Altitude: Thin Air, Big Strain

If you’ve visited altitude, you’ve noticed that it makes you uncomfortable. If you live up here, you might remember your first month in the sky (bloody noses, constantly itchy skin, headaches, constant dehydration, worse), and you’ve probably noticed that when you leave, even for a week, you’ve already lost that magical adaptation called acclimatization, and you have to work your way back into living the hard but sweet thin air life. We all know that altitude puts a strain on our body, and those of us who live here are always telling tourists not to underestimate it, but how big of a strain is it really? And why?

14,440, not the highest I’ve ever been but I’ve spent the most time here.

Altitude affects oxygen saturation, which is the amount of oxygen the hemoglobin in your red blood cells is carrying at any given time. At sea level, the atmospheric pressure and concentration of oxygen in the air is highest, which is optimal for oxygen saturation in humans. As altitude increases, atmospheric pressure decreases exponentially, while the fraction of oxygen remains the same, which leads to lower saturation. According to Princeton, it takes 1-3 days to begin acclimatizing, and months to adapt fully. The biggest change is the increase in hemoglobin specifically, and red blood cells in general, which is an adaptation that we lose quickly when we lose altitude. Other adaptations include: increased depth of breathing, increased pressure in pulmonary arteries (which increases blood flow in the lungs, and utilizes a higher portion of the lungs than you’d use at sea level), and increased production of enzymes that release oxygen from hemoglobin.
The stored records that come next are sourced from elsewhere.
(* Let $M$ be a matroid on a finite set $E$ with $r(M)>0$. Then $|F(M)|=r(M)$ if and only if $M$ is a unique expansion matroid.
   Context: For a matroid $M=(E,\mathcal{I})$: $\mathcal{B}(M)$ is its family of bases, $r(M)$ the common cardinality of bases, and $r(X)$ the rank of $X\subseteq E$. For $r(M)>0$: $s(M)=\{A\in\mathcal{I}(M): |A|=r(M)-1\}$; $K_M(X)=\{a\in E: r(X\cup\{a\})=r(X)+1\}$ for $X\subseteq E$; $F(M)=\{K_M(X): X\in s(M)\}$ (a set of sets, so $|F(M)|$ counts distinct sets). $M$ is a unique expansion matroid if for every $B\in\mathcal{B}(M)$ and every $A\in s(M)$, whenever $e_1,e_2\in B$ satisfy $A\cup\{e_1\}\in\mathcal{B}(M)$ and $A\cup\{e_2\}\in\mathcal{B}(M)$, then $e_1=e_2$. *)

From mathcomp Require Import all_boot.
Set Implicit Arguments. Unset Strict Implicit. Unset Printing Implicit Defensive.

Definition is_matroid (E : finType) (I : {set {set E}}) : Prop :=
  [/\ set0 \in I,
      (forall A B : {set E}, B \in I -> A \subset B -> A \in I) &
      (forall A B : {set E}, A \in I -> B \in I -> #|A| < #|B| ->
         exists2 x, x \in B :\: A & x |: A \in I)].

Section MatroidDefs.
Variables (E : finType) (I : {set {set E}}).

Definition bases : {set {set E}} :=
  [set B in I | [forall C in I, (B \subset C) ==> (C == B)]].

Definition rk (X : {set E}) : nat := \max_(A in I | A \subset X) #|A|.

Definition mrank : nat := rk setT.

Definition sM : {set {set E}} := [set A in I | #|A| == mrank - 1].

Definition KM (X : {set E}) : {set E} := [set a | rk (a |: X) == (rk X).+1].

Definition FM : {set {set E}} := [set KM X | X in sM].

Definition unique_expansion : Prop :=
  forall B A, B \in bases -> A \in sM ->
  forall e1 e2, e1 \in B -> e2 \in B ->
    e1 |: A \in bases -> e2 |: A \in bases -> e1 = e2.

End MatroidDefs.

From mathcomp Require Import all_boot zify.

(* For a basis B, the sets K(B - b), b in B, are pairwise distinct, since
   K(B - b) meets B exactly in b; hence |F(M)| >= r(M) always.  The exchange
   axiom shows that K(A) = K(X) whenever A, X in s(M) and X misses K(A).
   Given a basis B and A in s(M), augmenting A from B yields some b in B with
   A + b a basis; unique expansion says b is the only such element, so B - b
   misses K(A) and K(A) = K(B - b).  Thus unique expansion forces F(M) to
   consist of the r(M) sets K(B - b); conversely, if |F(M)| = r(M) then every
   K(A) is some K(B - b), which meets B in a single element. *)

Set Implicit Arguments.
Unset Strict Implicit.
Unset Printing Implicit Defensive.

Section Matroid.

Variables (E : finType) (I : {set {set E}}).
Hypothesis matroidI : is_matroid I.

Lemma indep_subset (A B : {set E}) : B \in I -> A \subset B -> A \in I.
Proof. by case: matroidI => _ + _; apply. Qed.

Lemma indep_augment (A B : {set E}) : A \in I -> B \in I -> #|A| < #|B| ->
  exists2 x, x \in B :\: A & x |: A \in I.
Proof. by case: matroidI => _ _; apply. Qed.

Lemma rk_witness (X : {set E}) :
  exists2 C, (C \in I) && (C \subset X) & rk I X = #|C|.
Proof.
have : 0 < #|[pred C : {set E} | (C \in I) && (C \subset X)]|.
  by apply/card_gt0P; exists set0; case: matroidI => I0 _ _; rewrite inE I0 sub0set.
move/(eq_bigmax_cond (fun C : {set E} => #|C|)) => [C CP rkC].
by exists C; rewrite // /rk -rkC; apply: eq_bigl => D; rewrite !inE.
Qed.

Lemma leq_card_rk (C X : {set E}) : C \in I -> C \subset X -> #|C| <= rk I X.
Proof.
move=> CI sCX.
by apply: (@leq_bigmax_cond _ (fun D => (D \in I) && (D \subset X))
  (fun D : {set E} => #|D|)); rewrite CI sCX.
Qed.

Lemma rk_indep (X : {set E}) : X \in I -> rk I X = #|X|.
Proof.
move=> XI; apply/eqP; rewrite eqn_leq leq_card_rk // andbT.
by case: (rk_witness X) => C /andP[_ sCX] ->; apply: subset_leq_card.
Qed.

Lemma KM_indep (X : {set E}) a :
  X \in I -> (a \in KM I X) = (a \notin X) && (a |: X \in I).
Proof.
move=> XI; rewrite inE (rk_indep XI); apply/eqP/andP => [rkaX | [aX aXI]].
  case: (rk_witness (a |: X)) => C /andP[CI sCaX] rkC.
  have [x] := indep_augment XI CI ltac:(by rewrite -rkC rkaX).
  rewrite inE => /andP[xX xC] xXI.
  have /setU1P[xa | xX'] := subsetP sCaX x xC; last by rewrite xX' in xX.
  by rewrite -xa xX.
by rewrite rk_indep // cardsU1 aX.
Qed.

Lemma leq_card_mrank (C : {set E}) : C \in I -> #|C| <= mrank I.
Proof. by move=> CI; apply: leq_card_rk (subsetT _). Qed.

Lemma exists_indep_mrank : exists2 B, B \in I & #|B| = mrank I.
Proof. by case: (rk_witness setT) => C /andP[CI _] rkC; exists C. Qed.

Lemma basesE (B : {set E}) : (B \in bases I) = (B \in I) && (#|B| == mrank I).
Proof.
rewrite inE; apply/andP/andP => -[BI Bmax]; split=> //.
  move/forall_inP: Bmax => Bmax; rewrite eqn_leq leq_card_mrank //=.
  case: exists_indep_mrank => C CI <-; rewrite leqNgt; apply/negP => ltBC.
  have [x] := indep_augment BI CI ltBC; rewrite inE => /andP[xB _] xBI.
  by move: (Bmax _ xBI); rewrite subsetUr /= => /eqP eB; rewrite -eB setU11 in xB.
apply/forall_inP => C CI; apply/implyP => sBC.
by rewrite eq_sym eqEcard sBC (eqP Bmax) leq_card_mrank.
Qed.

Lemma setU1_basis (A : {set E}) e : A \in I -> #|A|.+1 = mrank I ->
  (e |: A \in bases I) = (e \in KM I A).
Proof.
move=> AI cardA; rewrite basesE KM_indep // cardsU1 -cardA.
by case: (e \in A); rewrite /= ?add0n ?add1n ?eqxx ?andbT // (ltn_eqF (ltnSn _)) andbF.
Qed.

Lemma sM_indep (A : {set E}) : 0 < mrank I -> A \in sM I ->
  A \in I /\ #|A|.+1 = mrank I.
Proof. by move=> r_gt0; rewrite inE => /andP[AI /eqP cardA]; split=> //; lia. Qed.

Section EqualCard.

Variables A X : {set E}.
Hypotheses (AI : A \in I) (XI : X \in I) (cardAX : #|A| = #|X|).

Lemma disjoint_KM_sym : [disjoint X & KM I A] -> [disjoint A & KM I X].
Proof.
move=> XKA; apply/pred0P => y /=; apply/negP => /andP[yA].
rewrite KM_indep // => /andP[yX yXI].
have [z] := indep_augment AI yXI ltac:(by rewrite cardsU1 yX cardAX).
rewrite inE => /andP[zA /setU1P[zy | zX]] zAI; first by rewrite zy yA in zA.
have zKA : z \in KM I A by rewrite KM_indep // zA.
by move/pred0P/(_ z): XKA; rewrite /= zX zKA.
Qed.

Lemma KM_sub_disjoint : [disjoint X & KM I A] -> KM I A \subset KM I X.
Proof.
move=> XKA; have /pred0P AKX := disjoint_KM_sym XKA.
apply/subsetP => a aKA; have := aKA; rewrite KM_indep // => /andP[aA aAI].
have aX : a \notin X by apply/negP => aX; move/pred0P/(_ a): XKA; rewrite /= aX aKA.
have [y] := indep_augment XI aAI ltac:(by rewrite cardsU1 aA -cardAX).
rewrite inE => /andP[yX /setU1P[-> | yA]] yXI; first by rewrite KM_indep // aX.
by have := AKX y; rewrite /= yA KM_indep // yX yXI.
Qed.

End EqualCard.

Lemma KM_eq_disjoint (A X : {set E}) : A \in I -> X \in I -> #|A| = #|X| ->
  [disjoint X & KM I A] -> KM I A = KM I X.
Proof.
move=> AI XI cardAX XKA; apply/eqP; rewrite eqEsubset KM_sub_disjoint //=.
by apply: KM_sub_disjoint; rewrite // disjoint_KM_sym.
Qed.

Lemma KM_setD1 (B : {set E}) b c : B \in I -> b \in B -> c \in B ->
  (c \in KM I (B :\ b)) = (c == b).
Proof.
move=> BI bB cB; rewrite KM_indep ?(indep_subset BI (subD1set _ _)) //.
by rewrite !inE cB andbT negbK; case: eqP => [-> | //]; rewrite setD1K.
Qed.

Definition base_KM (B : {set E}) : {set {set E}} := [set KM I (B :\ b) | b in B].

Lemma card_base_KM (B : {set E}) : B \in I -> #|base_KM B| = #|B|.
Proof.
move=> BI; apply: card_in_imset => b c bB cB eKbc.
have : b \in KM I (B :\ b) by rewrite KM_setD1 // eqxx.
by rewrite eKbc KM_setD1 // => /eqP.
Qed.

Lemma setD1_sM (B : {set E}) b : B \in bases I -> b \in B -> B :\ b \in sM I.
Proof.
rewrite basesE => /andP[BI /eqP cardB] bB.
rewrite inE (indep_subset BI (subD1set _ _)) /=; apply/eqP.
by rewrite (cardsD1 b B) bB in cardB; lia.
Qed.

Lemma base_KM_sub (B : {set E}) : B \in bases I -> base_KM B \subset FM I.
Proof. by move=> Bb; apply/subsetP => _ /imsetP[b bB ->]; rewrite imset_f ?setD1_sM. Qed.

Hypothesis r_gt0 : 0 < mrank I.

Lemma unique_expansion_card_FM : #|FM I| = mrank I -> unique_expansion I.
Proof.
move=> cardF B A Bb AsM e1 e2 e1B e2B.
have [AI cardA] := sM_indep r_gt0 AsM.
have [BI cardB] : B \in I /\ #|B| = mrank I by move: Bb; rewrite basesE => /andP[-> /eqP].
rewrite !setU1_basis //.
have /eqP base_KM_FM : base_KM B == FM I.
  by rewrite eqEcard base_KM_sub //= card_base_KM // cardF cardB.
have /imsetP[b bB ->] : KM I A \in base_KM B by rewrite base_KM_FM imset_f.
by rewrite !KM_setD1 // => /eqP -> /eqP ->.
Qed.

Lemma FM_unique_expansion : unique_expansion I ->
  forall B, B \in bases I -> FM I = base_KM B.
Proof.
move=> uniqI B Bb.
have [BI cardB] : B \in I /\ #|B| = mrank I by move: Bb; rewrite basesE => /andP[-> /eqP].
apply/eqP; rewrite eq_sym eqEsubset base_KM_sub //=.
apply/subsetP => _ /imsetP[A AsM ->].
have [AI cardA] := sM_indep r_gt0 AsM.
have [b] := indep_augment AI BI ltac:(by rewrite cardB -cardA).
rewrite inE => /andP[bA bB] bAI.
have bKA : b \in KM I A by rewrite KM_indep // bA.
rewrite (KM_eq_disjoint AI (indep_subset BI (subD1set B b))).
- exact: imset_f.
- by move: cardB; rewrite (cardsD1 b B) bB /=; lia.
apply/pred0P => c /=; apply/negbTE/andP => -[/setD1P[cb cB] cKA].
have := uniqI B A Bb AsM c b cB bB; rewrite !setU1_basis // => /(_ cKA bKA) cbE.
by rewrite cbE eqxx in cb.
Qed.

End Matroid.

Theorem theorem5 (E : finType) (I : {set {set E}}) :
  is_matroid I -> 0 < mrank I ->
  (#|FM I| = mrank I <-> unique_expansion I).
Proof.
move=> matroidI r_gt0; split; first exact: unique_expansion_card_FM.
move=> uniqI; have [B BI cardB] := exists_indep_mrank matroidI.
have Bb : B \in bases I by rewrite basesE // BI cardB eqxx.
by rewrite (FM_unique_expansion matroidI r_gt0 uniqI Bb) card_base_KM.
Qed.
So the reason this is all top of my mind right now is that I’ve just returned to Ouray 7,792ft, after two weeks in southern Missouri, at approximately 1,004ft. You may remember that I’m now wearing a Whoop device 24 hours a day, and the data it’s given me around this trip is astonishing. Obviously, we know that altitude is a big physical stressor, but seeing it quantitatively, it’s bigger than I ever imagined.

I didn’t take a lot of photos on this Missouri trip, here’s a festive mailbox from one of our bike rides.
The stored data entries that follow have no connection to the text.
Lemma orthogonal_codiag_of_codiag (C : numClosedFieldType) n (I : finType)
    (As : I -> 'M[C]_n) :
  (forall i, (As i)^T = As i) -> codiagonalizable [seq As i | i <- enum I] ->
  exists Q : 'M[C]_n, Q^T *m Q = 1%:M /\ forall i, is_diag_mx (Q *m As i *m Q^T).
Proof.
case: n => [|n] in As * => As_sym [P P_unit /allP P_diag].
  by exists 1%:M; split=> [|i]; [rewrite flatmx0 [RHS]flatmx0 | apply/is_diag_mxP => -[]].
pose D i := P *m As i *m invmx P.
have D_diag i : is_diag_mx (D i).
  by have := P_diag _ (map_f As (mem_enum _ i)); rewrite /= /similar_to conjumx.
have PB i : P *m As i = D i *m P by rewrite mulmxKV.
have D_sym i : (D i)^T = D i by have [d ->] := diag_mxP _ (D_diag i); rewrite tr_diag_mx.
pose G := P *m P^T.
have G_unit : G \in unitmx by rewrite unitmx_mul unitmx_tr P_unit.
have DG i : comm_mx (D i) G := comm_mx_conj_sym (As_sym i) (D_sym i) (PB i).
have [s sE] := mx_inv_sqrt G_unit; pose Rt := horner_mx G s.
have Rt_sym : Rt^T = Rt by rewrite trmx_horner trmx_mul trmxK.
have RtG : Rt *m G *m Rt = 1%:M.
  by rewrite -mulmxA -(comm_horner_mx s (comm_mx_refl G)) mulmxA mulmxE -expr2 sE.
exists (Rt *m P); split.
  by apply: mulmx1C; rewrite trmx_mul Rt_sym !mulmxA -(mulmxA Rt) RtG.
move=> i; rewrite trmx_mul Rt_sym !mulmxA -(mulmxA Rt P) PB mulmxA.
rewrite -(comm_mx_horner s (DG i)).
have -> : D i *m Rt *m P *m P^T *m Rt = D i *m (Rt *m G *m Rt) by rewrite !mulmxA.
by rewrite RtG mulmx1.
Qed.

Lemma orthogonally_codiagonalizableP (C : numClosedFieldType) n (I : finType)
    (As : I -> 'M[C]_n) :
  (forall i, (As i)^T = As i) ->
  (exists Q : 'M[C]_n, Q^T *m Q = 1%:M /\ forall i, is_diag_mx (Q *m As i *m Q^T)) <->
  (forall i, diagonalizable (As i)) /\ (forall i j, comm_mx (As i) (As j)).
Proof.
move=> As_sym; rewrite -codiagonalizable_family.
split; last exact: orthogonal_codiag_of_codiag.
move=> [Q [QtQ Q_diag]]; have Q_unit := (mulmx1_unit (mulmx1C QtQ)).1.
have invQ : invmx Q = Q^T by rewrite -[invmx Q]mul1mx -QtQ mulmxK.
exists Q => //; apply/allP => _ /mapP[i _ ->].
by rewrite /= /similar_to conjumx // invQ.
Qed.

Section Trilinear.
Variables (R : numDomainType) (n : nat).
Implicit Types (W : tensor3 R n) (x y z : 'cV[R]_n).

Definition trilin W x y z : R :=
  \sum_(i < n) \sum_(j < n) \sum_(k < n) W i j k * x i 0 * y j 0 * z k 0.

Lemma trilinD1 W x x' y z : trilin W (x + x') y z = trilin W x y z + trilin W x' y z.
Proof.
rewrite /trilin -big_split; apply: eq_bigr => i _ /=.
rewrite -big_split; apply: eq_bigr => j _ /=.
rewrite -big_split; apply: eq_bigr => k _ /=.
rewrite mxE; ring.
Qed.

Lemma trilinZ1 W c x y z : trilin W (c *: x) y z = c * trilin W x y z.
Proof.
rewrite /trilin mulr_sumr; apply: eq_bigr => i _ /=.
rewrite mulr_sumr; apply: eq_bigr => j _ /=.
rewrite mulr_sumr; apply: eq_bigr => k _ /=.
rewrite mxE; ring.
Qed.

Lemma trilinB W1 W2 x y z :
  trilin (fun i j k => W1 i j k - W2 i j k) x y z = trilin W1 x y z - trilin W2 x y z.
Proof.
rewrite /trilin -sumrB; apply: eq_bigr => i _; rewrite -sumrB; apply: eq_bigr => j _.
rewrite -sumrB; apply: eq_bigr => k _; ring.
Qed.

Lemma trilin_delta W i j k :
  trilin W (delta_mx i 0) (delta_mx j 0) (delta_mx k 0) = W i j k.
Proof.
rewrite /trilin (bigD1 i) //= [X in _ + X]big1 ?addr0; last first.
  move=> a /negPf ai; apply: big1 => b _; apply: big1 => c _.
  by rewrite mxE ai /= !(mulr0, mul0r).
rewrite (bigD1 j) //= [X in _ + X]big1 ?addr0; last first.
  move=> b /negPf bj; apply: big1 => c _.
  by rewrite [delta_mx j 0 b 0]mxE bj /= !(mulr0, mul0r).
rewrite (bigD1 k) //= [X in _ + X]big1 ?addr0; last first.
  by move=> c /negPf ck; rewrite [delta_mx k 0 c 0]mxE ck /= !(mulr0, mul0r).
by rewrite !mxE !eqxx /= !mulr1.
Qed.

Section Symmetric.
Variable W : tensor3 R n.
Hypothesis W_sym : symmetric_tensor W.
Local Notation T := (trilin W).

Lemma trilinC12 x y z : T x y z = T y x z.
Proof.
rewrite /trilin exchange_big; apply: eq_bigr => i _.
apply: eq_bigr => j _; apply: eq_bigr => k _.
rewrite (proj1 (W_sym j i k)); ring.
Qed.

Lemma trilinC23 x y z : T x y z = T x z y.
Proof.
rewrite /trilin; apply: eq_bigr => i _.
rewrite exchange_big; apply: eq_bigr => j _; apply: eq_bigr => k _.
rewrite (proj2 (W_sym i k j)); ring.
Qed.

Lemma trilinD2 x y y' z : T x (y + y') z = T x y z + T x y' z.
Proof. by rewrite !(trilinC12 x) trilinD1. Qed.

Lemma trilinZ2 c x y z : T x (c *: y) z = c * T x y z.
Proof. by rewrite !(trilinC12 x) trilinZ1. Qed.

Lemma trilinD3 x y z z' : T x y (z + z') = T x y z + T x y z'.
Proof. by rewrite !(trilinC23 x y) trilinD2. Qed.

Lemma trilinZ3 c x y z : T x y (c *: z) = c * T x y z.
Proof. by rewrite !(trilinC23 x y) trilinZ2. Qed.

Lemma trilin_cube_add x y c :
  T (x + c *: y) (x + c *: y) (x + c *: y) =
  T x x x + 3 * c * T x x y + 3 * c ^+ 2 * T x y y + c ^+ 3 * T y y y.
Proof.
rewrite !(trilinD1, trilinD2, trilinD3, trilinZ1, trilinZ2, trilinZ3).
rewrite [T x y x]trilinC23 [T y x x]trilinC12 [T x y x]trilinC23.
rewrite [T y x y]trilinC12 [T y y x]trilinC23 [T y x y]trilinC12; ring.
Qed.

Lemma trilin_eq0 : (forall x, T x x x = 0) -> forall x y z, T x y z = 0.
Proof.
move=> T0.
have Txyy x y : T x y y = 0.
  have := trilin_cube_add x y 1; have := trilin_cube_add x y (-1).
  rewrite !T0; set a := T x x y; set b := T x y y => e1 e2.
  have : b *+ 6 = 0.
    have -> : b *+ 6 = (0 + 3 * (-1) * a + 3 * (-1) ^+ 2 * b + (-1) ^+ 3 * 0)
                       + (0 + 3 * 1 * a + 3 * 1 ^+ 2 * b + 1 ^+ 3 * 0) by ring.
    by rewrite -e1 -e2 addr0.
  by move/eqP; rewrite mulrn_eq0 => /eqP.
move=> x y z; have := Txyy x (y + z).
rewrite !(trilinD2, trilinD3) !Txyy add0r addr0 [T x z y]trilinC23 -mulr2n.
by move/eqP; rewrite mulrn_eq0 => /eqP.
Qed.

End Symmetric.
End Trilinear.

Lemma cubic_form_inj (R : numDomainType) n (W1 W2 : tensor3 R n) :
  symmetric_tensor W1 -> symmetric_tensor W2 ->
  cubic_form W1 =1 cubic_form W2 -> forall i j k, W1 i j k = W2 i j k.
Proof.
move=> W1_sym W2_sym eqW i j k; apply/eqP; rewrite -subr_eq0; apply/eqP.
pose W i j k := W1 i j k - W2 i j k.
have W_sym : symmetric_tensor W.
  move=> a b c; have [? ?] := W1_sym a b c; have [? ?] := W2_sym a b c.
  by rewrite /W; split; congruence.
rewrite -[LHS]/(W i j k) -trilin_delta (trilin_eq0 W_sym) // => x.
by rewrite trilinB; apply/eqP; rewrite subr_eq0; apply/eqP; exact: eqW.
Qed.

Lemma expr3_sum (R : comNzSemiRingType) (I : finType) (f : I -> R) :
  (\sum_i f i) ^+ 3 = \sum_i \sum_j \sum_k f i * f j * f k.
Proof.
rewrite exprS expr2 big_distrl; apply: eq_bigr => i _ /=.
rewrite big_distrl big_distrr; apply: eq_bigr => j _ /=.
by rewrite !big_distrr; apply: eq_bigr => k _ /=; rewrite mulrA.
Qed.

Section SumOfCubes.
Variables (R : comNzRingType) (n : nat) (alpha : 'I_n -> R) (A : 'M[R]_n).

Definition sum_cubes : tensor3 R n :=
  fun i j k => \sum_(l < n) alpha l * A l i * A l j * A l k.

Lemma sum_cubes_sym : symmetric_tensor sum_cubes.
Proof. by move=> i j k; split; apply: eq_bigr => l _; ring. Qed.

Lemma cubic_form_sum_cubes x : cubic_form sum_cubes x = diag_cubic alpha (A *m x).
Proof.
pose a l i := A l i * x i 0.
transitivity (\sum_l \sum_i \sum_j \sum_k alpha l * a l i * a l j * a l k).
  rewrite [RHS]exchange_big; apply: eq_bigr => i _; rewrite [RHS]exchange_big.
  apply: eq_bigr => j _; rewrite [RHS]exchange_big; apply: eq_bigr => k _.
  by rewrite !big_distrl; apply: eq_bigr => l _ /=; rewrite /a; ring.
rewrite /diag_cubic; apply: eq_bigr => l _.
rewrite mxE expr3_sum mulr_sumr; apply: eq_bigr => i _.
rewrite mulr_sumr; apply: eq_bigr => j _.
by rewrite mulr_sumr; apply: eq_bigr => k _; rewrite !mulrA.
Qed.

Lemma slice_sum_cubes k :
  slice sum_cubes k = A^T *m diag_mx (\row_l (alpha l * A l k)) *m A.
Proof.
apply/matrixP => i j; rewrite mul_mx_diag !mxE; apply: eq_bigr => l _.
rewrite !mxE; ring.
Qed.

End SumOfCubes.

Lemma OW_sum_cubes (R : numDomainType) n (S : tensor3 R n) :
  symmetric_tensor S ->
  OW S <-> exists (A : 'M[R]_n) (alpha : 'I_n -> R),
    A^T *m A = 1%:M /\ forall i j k, S i j k = sum_cubes alpha A i j k.
Proof.
move=> S_sym; split=> -[A [alpha [AA eqS]]]; exists A, alpha; split=> //.
  apply: cubic_form_inj (sum_cubes_sym _ _) _ => // x.
  by rewrite eqS cubic_form_sum_cubes.
move=> x; rewrite -cubic_form_sum_cubes /cubic_form.
by under eq_bigr => i _ do under eq_bigr => j _ do under eq_bigr => k _ do rewrite eqS.
Qed.

Lemma is_diag_mulmxE (R : nzSemiRingType) m n (D : 'M[R]_m) (A : 'M[R]_(m, n)) i j :
  is_diag_mx D -> (D *m A) i j = D i i * A i j.
Proof.
move=> /is_diag_mxP D_diag; rewrite mxE (bigD1 i) //= big1 ?addr0 // => l li.
by rewrite D_diag ?mul0r // eq_sym.
Qed.

Lemma parallel_eq_scale (R : comNzRingType) n (d q : 'I_n -> R) :
  \sum_j q j * q j = 1 -> (forall j k, d k * q j = d j * q k) ->
  forall k, d k = (\sum_j d j * q j) * q k.
Proof.
move=> q_unit dq k; rewrite -[d k]mulr1 -q_unit mulr_sumr mulr_suml.
by apply: eq_bigr => j _; rewrite mulrA dq; ring.
Qed.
For simplicity, let’s start with the Whoop’s overall recovery metric. They use an algorithm that takes into account my average resting HR, heart rate variability, and respiratory rate while I slept, and then other stuff like the previous day’s HR variations and the amount of physical strain from previous days, that results in a percentage. I don’t strictly adhere to this number, but it paints a clear picture of my journey from 8k to 1k and back. Here’s three weeks worth of my recovery scores:

The first photo is a full week spent in Ouray (all fairly low, which is average). The second includes my drive to Missouri and a full week there, the third is a full week just in Missouri, then the last photo I started driving on Saturday and arrived home in Ouray on Sunday night. The four days of red, then, were all spent in Ouray. Once I left Ouray, I had subpar recoveries on Saturday, after a stressful day of snowy mountain driving, then there’s two particularly intense cycling days that resulted in low recovery that quickly bounced back, another one of those on 12/22, then you can see the decline starts again after the drive back to CO.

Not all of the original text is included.